I think this is at a fairly sweet spot in terms of compression ratio vs. decoder complexity. Won originally used this for WebGL, using UTF-8 as his variable-integer encoding: turn the relative indices into Unicode code points, encode the result as UTF-8. This is a bit hacky and limits you to indices that use slightly more than 20 bits (still more than a million, so probably fine for most meshes you’d use in WebGL), but it does mean that the Browser can handle the variable-sized decoding for you (instead of having to deal with byte packing in JS code).

Overall, this approach (postprocess + high watermark) gives a decoder that is maybe 30 lines or so of C++ code, and which does one linear pass over the data (the example program does two passes to keep things clearer, but they can be combined without problems) with no complicated logic whatsoever. It’s simple to get right, easy to drop in, and the results are quite good.

It is not, however, state of the art for mesh compression by any stretch of the imagination. This is a small domain-specific transform that can be applied to fully baked and optimized game assets to make them a bit smaller on disk. I also did not cover vertex data; this is not because vertex data is unimportant, but simply because, so far at least, I’ve not seen *any* mesh compressors that do something besides the obvious (that is, quantization and parallelogram prediction) for vertex data.
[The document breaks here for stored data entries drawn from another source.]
(* Let $G$ be a simple graph on $n$ vertices with $cM_2(G)\ge cM_2(H)$ for every simple graph $H$ on $n$ vertices, and let $F$, $X$ be as defined in the context. If $u,v\in X$ are distinct and $uv\notin E(G)$, then $d_G(u)=d_G(v)$, and $d_G(w)\ne d_G(u)$ for every $w\in X\setminus\{u,v\}$.
   Context: All graphs are finite and simple; $d_G(u)$ is the degree of $u$ and $cM_2(G)=\sum_{uv\in E(G)}|d_G(u)^2-d_G(v)^2|$. The canonical mixed graph $F$ of $G$ has vertex set $V(G)$; for each edge $uv\in E(G)$: if $d_G(u)>d_G(v)$ then $F$ contains the arc $\overrightarrow{uv}$, and if $d_G(u)=d_G(v)$ then $F$ contains the undirected edge $uv$. $d^+_F(u)$ (resp. $d^-_F(u)$) is the number of arcs of $F$ with tail (resp. head) $u$. $X=\{u\in V(G): d^+_F(u)\ge d^-_F(u)\}$ and $Y=\{u\in V(G): d^+_F(u)< d^-_F(u)\}$. *)

From mathcomp Require Import all_boot.
Set Implicit Arguments. Unset Strict Implicit. Unset Printing Implicit Defensive.

Definition simple_graph n (e : rel 'I_n) : Prop := symmetric e /\ irreflexive e.

Definition deg n (e : rel 'I_n) (u : 'I_n) : nat := #|[set v | e u v]|.

Definition absdiff (a b : nat) : nat := (a - b) + (b - a).

Definition cM2 n (e : rel 'I_n) : nat :=
  \sum_(u : 'I_n) \sum_(v : 'I_n | (u < v) && e u v)
     absdiff (deg e u ^ 2) (deg e v ^ 2).

(* Canonical mixed graph F: arc u->v iff uv edge and d(u) > d(v). *)
Definition outdegF n (e : rel 'I_n) (u : 'I_n) : nat :=
  #|[set v | e u v && (deg e v < deg e u)]|.
Definition indegF n (e : rel 'I_n) (u : 'I_n) : nat :=
  #|[set v | e u v && (deg e u < deg e v)]|.

Definition inX n (e : rel 'I_n) (u : 'I_n) : bool := indegF e u <= outdegF e u.

From mathcomp Require Import all_boot zify.
Set Implicit Arguments. Unset Strict Implicit. Unset Printing Implicit Defensive.

(* Adding a missing edge uv to G changes cM2 by
     |(d_u+1)^2 - (d_v+1)^2| + (2d_u+1)(d^+(u) + d^=(u) - d^-(u)) + (same for v),
   where d^=(z) counts the undirected edges of F at z: a neighbour y of u with
   d_y <= d_u contributes 2d_u+1 more, one with d_y > d_u contributes 2d_u+1 less.
   For u, v in X every term is nonnegative, so maximality forces all of them to
   vanish: d_u = d_v, no undirected F-edge meets u or v, and G+uv is again extremal.
   A vertex w of X with d_w = d_u is then adjacent to neither u nor v; u and w lie
   in X for G+uv and are nonadjacent there, so the first part applied to G+uv gives
   d_u+1 = d_w = d_u. *)

Lemma absdiffC a b : absdiff a b = absdiff b a.
Proof. by rewrite /absdiff addnC. Qed.

Lemma absdiff_eq0 a b : absdiff a b = 0 -> a = b.
Proof. rewrite /absdiff; lia. Qed.

Definition sqr_gain a d := if d <= a then (2 * a).+1 else 0.
Definition sqr_loss a d := if a < d then (2 * a).+1 else 0.

Lemma absdiff_sqrS a d :
  absdiff (a.+1 ^ 2) (d ^ 2) + sqr_loss a d = absdiff (a ^ 2) (d ^ 2) + sqr_gain a d.
Proof.
have sqrS : a.+1 ^ 2 = a ^ 2 + (2 * a).+1 by rewrite -addn1 sqrnD; lia.
rewrite /sqr_gain /sqr_loss /absdiff sqrS; case: leqP => [da|ad].
  by have := leq_exp2r d a (isT : 0 < 2); lia.
by have := leq_exp2r a.+1 d (isT : 0 < 2); rewrite sqrS; lia.
Qed.

Lemma sum_if_eq (T : finType) (z : T) (F : T -> nat) :
  \sum_(y : T) (if y == z then F y else 0) = F z.
Proof. by rewrite -big_mkcond big_pred1_eq. Qed.

Lemma sum_row (T : finType) (z : T) (F : T -> nat) :
  \sum_(x : T) \sum_(y : T) (if x == z then F y else 0) = \sum_(y : T) F y.
Proof.
rewrite -[RHS](sum_if_eq z (fun=> _)); apply: eq_bigr => x _.
by case: (x == z); last rewrite big1.
Qed.

Lemma sum_col (T : finType) (z : T) (F : T -> nat) :
  \sum_(x : T) \sum_(y : T) (if y == z then F x else 0) = \sum_(x : T) F x.
Proof. by rewrite exchange_big sum_row. Qed.

Lemma sum_if_card (T : finType) (P : pred T) k :
  \sum_(y : T) (if P y then k else 0) = #|[set y | P y]| * k.
Proof. by rewrite -big_mkcond sum_nat_const cardsE. Qed.

Lemma big_split2 (T : finType) (F G : T -> T -> nat) :
  \sum_(x : T) \sum_(y : T) (F x y + G x y)
  = \sum_(x : T) \sum_(y : T) F x y + \sum_(x : T) \sum_(y : T) G x y.
Proof. by rewrite -big_split; apply: eq_bigr => x _; rewrite big_split. Qed.

Section Costs.
Variables (n : nat) (e : rel 'I_n).
Hypotheses (e_sym : symmetric e) (e_irr : irreflexive e).
Implicit Types x y z : 'I_n.

Definition edge_cost x y : nat := if e x y then absdiff (deg e x ^ 2) (deg e y ^ 2) else 0.

Lemma edge_costC x y : edge_cost x y = edge_cost y x.
Proof. by rewrite /edge_cost e_sym absdiffC. Qed.

Lemma cM2_double : cM2 e + cM2 e = \sum_(x : 'I_n) \sum_(y : 'I_n) edge_cost x y.
Proof.
have cM2_lt : cM2 e = \sum_(x : 'I_n) \sum_(y : 'I_n) (x < y) * edge_cost x y.
  apply: eq_bigr => x _; rewrite big_mkcondr /= big_mkcond /=.
  by apply: eq_bigr => y _; rewrite /edge_cost; case: (x < y); case: (e x y); rewrite ?mul1n ?mul0n.
have split_lt_gt (x y : 'I_n) : edge_cost x y = (x < y) * edge_cost x y + (y < x) * edge_cost x y.
  have [||/val_inj->] := ltngtP x y; rewrite ?mul1n ?mul0n ?addn0 //.
  by rewrite /edge_cost e_irr.
have -> : \sum_(x : 'I_n) \sum_(y : 'I_n) edge_cost x y =
    \sum_(x : 'I_n) (\sum_(y : 'I_n) (x < y) * edge_cost x y + \sum_(y : 'I_n) (y < x) * edge_cost x y).
  by apply: eq_bigr => x _; rewrite -big_split; apply: eq_bigr => y _; apply: split_lt_gt.
rewrite big_split /= -cM2_lt {2}cM2_lt exchange_big /=.
by congr (_ + _); apply: eq_bigr => x _; apply: eq_bigr => y _; rewrite edge_costC.
Qed.

Definition undegF z := #|[set y | e z y && (deg e y == deg e z)]|.

Lemma incident_gainE z :
  \sum_(y : 'I_n) (if e z y then sqr_gain (deg e z) (deg e y) else 0)
  = (2 * deg e z).+1 * (outdegF e z + undegF z).
Proof.
rewrite mulnDr !(mulnC (2 * deg e z).+1) -!sum_if_card -big_split /=.
apply: eq_bigr => y _; rewrite /sqr_gain.
by case: (e z y) => //=; case: ltngtP; rewrite ?addn0.
Qed.

Lemma incident_lossE z :
  \sum_(y : 'I_n) (if e z y then sqr_loss (deg e z) (deg e y) else 0)
  = (2 * deg e z).+1 * indegF e z.
Proof.
rewrite mulnC -sum_if_card; apply: eq_bigr => y _.
by rewrite /sqr_loss; case: (e z y).
Qed.

Lemma undegF_eq0 z w : undegF z = 0 -> e z w -> deg e w != deg e z.
Proof.
by move=> /eqP; rewrite cards_eq0 => /eqP un0 ezw; apply/eqP=> dw;
  have := in_set0 w; rewrite -un0 inE ezw dw eqxx.
Qed.

End Costs.

Definition add_edge n (e : rel 'I_n) (u v : 'I_n) : rel 'I_n :=
  fun x y => e x y || (x == u) && (y == v) || (x == v) && (y == u).
Arguments add_edge : simpl never.

Lemma add_edge_simple n (e : rel 'I_n) u v :
  simple_graph e -> u != v -> simple_graph (add_edge e u v).
Proof.
move=> [e_sym e_irr] neq_uv; split=> [x y|x]; rewrite /add_edge.
  by rewrite e_sym orbAC [(y == u) && _]andbC [(y == v) && _]andbC.
rewrite e_irr /=; apply/negP=> /orP[] /andP[/eqP-> /eqP eq_uv];
  by rewrite eq_uv eqxx in neq_uv.
Qed.

Section AddEdge.
Variables (n : nat) (e : rel 'I_n) (u v : 'I_n).
Hypotheses (e_sym : symmetric e) (e_irr : irreflexive e).
Hypotheses (neq_uv : u != v) (nuv : ~~ e u v).
Implicit Types x y z : 'I_n.
Local Notation e' := (add_edge e u v).

Let neq_vu : v != u. Proof. by rewrite eq_sym. Qed.
Let nvu : ~~ e v u. Proof. by rewrite e_sym. Qed.

Lemma deg_add_edge x : deg e' x = deg e x + (x == u) + (x == v).
Proof.
rewrite /deg; have [->|xu] := eqVneq x u.
  have -> : [set y | e' u y] = v |: [set y | e u y].
    by apply/setP=> y; rewrite !inE /add_edge eqxx (negbTE neq_uv) /= orbF orbC.
  by rewrite cardsU1 inE nuv (negbTE neq_uv) add1n addn0 addn1.
have [->|xv] := eqVneq x v.
  have -> : [set y | e' v y] = u |: [set y | e v y].
    by apply/setP=> y; rewrite !inE /add_edge eqxx (negbTE neq_vu) /= orbF orbC.
  by rewrite cardsU1 inE nvu add1n addn0 addn1.
rewrite !addn0; apply: eq_card => y.
by rewrite !inE /add_edge (negbTE xu) (negbTE xv) /= !orbF.
Qed.

Lemma deg_add_edge_l : deg e' u = (deg e u).+1.
Proof. by rewrite deg_add_edge eqxx (negbTE neq_uv) addn0 addn1. Qed.

Lemma deg_add_edge_r : deg e' v = (deg e v).+1.
Proof. by rewrite deg_add_edge eqxx (negbTE neq_vu) addn0 addn1. Qed.

Lemma deg_add_edge_other x : x != u -> x != v -> deg e' x = deg e x.
Proof. by move=> /negbTE xu /negbTE xv; rewrite deg_add_edge xu xv !addn0. Qed.

Let c := absdiff ((deg e u).+1 ^ 2) ((deg e v).+1 ^ 2).

Let pair_cost z z' x y := if x == z then (if y == z' then c else 0) else 0.

Let incid z (f : nat -> nat -> nat) x y :=
  if x == z then (if e z y then f (deg e z) (deg e y) else 0) else 0.

(* The positive and negative parts of the change of [edge_cost] at (x, y) when uv
   is added, kept apart so that the identity below stays in nat. *)
Let gain x y := pair_cost u v x y + pair_cost v u x y
  + incid u sqr_gain x y + incid u sqr_gain y x
  + incid v sqr_gain x y + incid v sqr_gain y x.

Let loss x y := incid u sqr_loss x y + incid u sqr_loss y x
  + incid v sqr_loss x y + incid v sqr_loss y x.

Lemma edge_cost_add_edge x y :
  edge_cost e' x y + loss x y = edge_cost e x y + gain x y.
Proof.
have e'E : e' x y = e x y || (x == u) && (y == v) || (x == v) && (y == u) by [].
rewrite /edge_cost /gain /loss /pair_cost /incid e'E.
have [->|xu] := eqVneq x u.
  have [->|yu] := eqVneq y u; first by rewrite e_irr (negbTE neq_uv).
  rewrite (negbTE neq_uv) (negbTE nvu) /= !orbF.
  have [->|yv] := eqVneq y v.
    by rewrite (negbTE nuv) deg_add_edge_l deg_add_edge_r /= !addn0.
  rewrite /= orbF deg_add_edge_l deg_add_edge_other //.
  by case: (e u y); rewrite ?addn0 ?absdiff_sqrS.
rewrite /= orbF.
have [->|xv] := eqVneq x v.
  have [->|yv] := eqVneq y v; first by rewrite e_irr (negbTE neq_vu).
  rewrite (negbTE nuv) /=.
  have [->|yu] := eqVneq y u.
    by rewrite (negbTE nvu) deg_add_edge_l deg_add_edge_r absdiffC /= !addn0 !add0n.
  rewrite orbF deg_add_edge_r deg_add_edge_other //.
  by case: (e v y); rewrite ?addn0 ?add0n ?absdiff_sqrS.
rewrite /= orbF deg_add_edge_other //.
have [->|yu] := eqVneq y u.
  rewrite (negbTE neq_uv) e_sym deg_add_edge_l !(absdiffC (deg e x ^ 2)).
  by case: (e u x); rewrite ?addn0 ?add0n ?absdiff_sqrS.
have [->|yv] := eqVneq y v.
  rewrite e_sym deg_add_edge_r !(absdiffC (deg e x ^ 2)).
  by case: (e v x); rewrite ?addn0 ?add0n ?absdiff_sqrS.
by rewrite deg_add_edge_other.
Qed.

Let incident_sum z f := \sum_(y : 'I_n) (if e z y then f (deg e z) (deg e y) else 0).

Lemma cM2_add_edge :
  cM2 e' + (2 * deg e u).+1 * indegF e u + (2 * deg e v).+1 * indegF e v
  = cM2 e + c + (2 * deg e u).+1 * (outdegF e u + undegF e u)
              + (2 * deg e v).+1 * (outdegF e v + undegF e v).
Proof.
have [e'_sym e'_irr] := add_edge_simple (conj e_sym e_irr) neq_uv.
have sum_loss : \sum_x \sum_y loss x y = incident_sum u sqr_loss + incident_sum u sqr_loss
                     + incident_sum v sqr_loss + incident_sum v sqr_loss.
  by rewrite /loss !big_split2 /incid !sum_row !sum_col.
have sum_gain : \sum_x \sum_y gain x y = c + c + incident_sum u sqr_gain + incident_sum u sqr_gain
                     + incident_sum v sqr_gain + incident_sum v sqr_gain.
  by rewrite /gain !big_split2 /pair_cost /incid !sum_row !sum_col !sum_if_eq.
have double : cM2 e' + cM2 e' + \sum_x \sum_y loss x y = cM2 e + cM2 e + \sum_x \sum_y gain x y.
  rewrite !cM2_double // -!big_split2.
  by apply: eq_bigr => x _; apply: eq_bigr => y _; apply: edge_cost_add_edge.
move: double; rewrite sum_loss sum_gain /incident_sum.
by rewrite !incident_gainE !incident_lossE; lia.
Qed.

Lemma add_edge_l y : e' u y = e u y || (y == v).
Proof. by rewrite /add_edge eqxx (negbTE neq_uv) /= orbF. Qed.

Lemma deg_add_edge_nbr z y : ~~ e z u -> ~~ e z v -> e z y -> deg e' y = deg e y.
Proof.
move=> nzu nzv ezy; apply: deg_add_edge_other; apply: contraTneq ezy => ->.
  exact: nzu.
exact: nzv.
Qed.

(* Since d_u = d_v, the new neighbour v of u has the same degree as u in G+uv. *)
Lemma inX_add_edge_l : deg e u = deg e v -> inX e u -> inX e' u.
Proof.
rewrite /inX => duv Xu; apply: leq_trans (leq_trans Xu _).
  apply: subset_leq_card; apply/subsetP => y; rewrite !inE add_edge_l deg_add_edge_l.
  case: eqP => [->|_]; first by rewrite deg_add_edge_r duv ltnn andbF.
  by rewrite orbF => /andP[euy]; rewrite (deg_add_edge_nbr (negbT (e_irr u)) nuv euy) euy => /ltnW.
apply: subset_leq_card; apply/subsetP => y; rewrite !inE add_edge_l deg_add_edge_l.
by case/andP=> euy; rewrite (deg_add_edge_nbr (negbT (e_irr u)) nuv euy) euy ltnS => /ltnW.
Qed.

Lemma inX_add_edge_other w : w != u -> w != v -> ~~ e w u -> ~~ e w v ->
  inX e w -> inX e' w.
Proof.
move=> wu wv nwu nwv.
have e'_w y : e' w y = e w y by rewrite /add_edge (negbTE wu) (negbTE wv) /= !orbF.
have deg_w : deg e' w = deg e w by apply: deg_add_edge_other.
have out_w : outdegF e' w = outdegF e w.
  apply: eq_card => y; rewrite !inE e'_w deg_w.
  by case: (boolP (e w y)) => // /(deg_add_edge_nbr nwu nwv)->.
have in_w : indegF e' w = indegF e w.
  apply: eq_card => y; rewrite !inE e'_w deg_w.
  by case: (boolP (e w y)) => // /(deg_add_edge_nbr nwu nwv)->.
by rewrite /inX out_w in_w.
Qed.

Hypothesis e_max : forall h : rel 'I_n, simple_graph h -> cM2 h <= cM2 e.

Lemma max_add_edge_inX : inX e u -> inX e v ->
  [/\ deg e u = deg e v, undegF e u = 0, undegF e v = 0 & cM2 e' = cM2 e].
Proof.
rewrite /inX => Xu Xv.
have le_cM2 := e_max (add_edge_simple (conj e_sym e_irr) neq_uv).
have cM2_e' := cM2_add_edge.
have in_out_u : (2 * deg e u).+1 * indegF e u <= (2 * deg e u).+1 * outdegF e u.
  by rewrite leq_mul2l Xu orbT.
have in_out_v : (2 * deg e v).+1 * indegF e v <= (2 * deg e v).+1 * outdegF e v.
  by rewrite leq_mul2l Xv orbT.
have c0 : c = 0 by lia.
have un_u : (2 * deg e u).+1 * undegF e u == 0 by apply/eqP; lia.
have un_v : (2 * deg e v).+1 * undegF e v == 0 by apply/eqP; lia.
move: un_u un_v; rewrite !muln_eq0 /= => /eqP un_u /eqP un_v.
split=> //; last by lia.
by apply/eqP; rewrite -eqSS -(eqn_exp2r _ _ (isT : 0 < 2)); apply/eqP/absdiff_eq0.
Qed.

End AddEdge.

Theorem claim1 (n : nat) (e : rel 'I_n) :
  simple_graph e ->
  (forall h : rel 'I_n, simple_graph h -> cM2 h <= cM2 e) ->
  forall u v : 'I_n, u != v -> inX e u -> inX e v -> ~~ e u v ->
  deg e u = deg e v /\
  (forall w : 'I_n, inX e w -> w != u -> w != v -> deg e w != deg e u).
Proof.
move=> e_simple e_max u v neq_uv Xu Xv nuv; have [e_sym e_irr] := e_simple.
have [duv unu unv cM2_eq] := max_add_edge_inX e_sym e_irr neq_uv nuv e_max Xu Xv.
split=> // w Xw wu wv; apply/negP=> /eqP dwu.
have nuw : ~~ e u w by apply/negP=> /(undegF_eq0 unu); rewrite dwu eqxx.
have nvw : ~~ e v w by apply/negP=> /(undegF_eq0 unv); rewrite dwu duv eqxx.
have [e'_sym e'_irr] := add_edge_simple e_simple neq_uv.
have e'_max (h : rel 'I_n) : simple_graph h -> cM2 h <= cM2 (add_edge e u v).
  by rewrite cM2_eq; exact: e_max.
have Xu' : inX (add_edge e u v) u by apply: inX_add_edge_l.
have Xw' : inX (add_edge e u v) w.
  by apply: inX_add_edge_other; rewrite // e_sym.
have neq_uw : u != w by rewrite eq_sym.
have nuw' : ~~ add_edge e u v u w by rewrite add_edge_l // (negbTE nuw) wv.
have [deg_uw _ _ _] := max_add_edge_inX e'_sym e'_irr neq_uw nuw' e'_max Xu' Xw'.
by move: deg_uw; rewrite deg_add_edge_l // deg_add_edge_other // dwu; lia.
Qed.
Finally, if what you actually want is state-of-the art triangle mesh compression, you should look elsewhere. This is outside the scope of this post, but good papers to start with are “Triangle Mesh Compression” by Touma and Gotsman (Proceedings of Graphics Interface, Vancouver, June 1998) and “TFAN: A low complexity 3D mesh compression algorithm” by Khaled, Zaharia, and Prêteux (Computer Animation and Virtual Worlds 20.2‐3 (2009)). I’ve played around with the former (the character mesh in Candytron was encoded using an algorithm descended from it) but not the latter; however, Touma-Gotsman and descendants are limited to 2-manifold meshes, whereas TFAN promises better compression and handles arbitrarily topologies, so it looks good on paper at least.

Anyway; that’s it for today. Thanks to Won for his mail! And if you should use this somewhere or figure out a way to get more mileage out of it without making it much more complicated, I’d absolute love to know!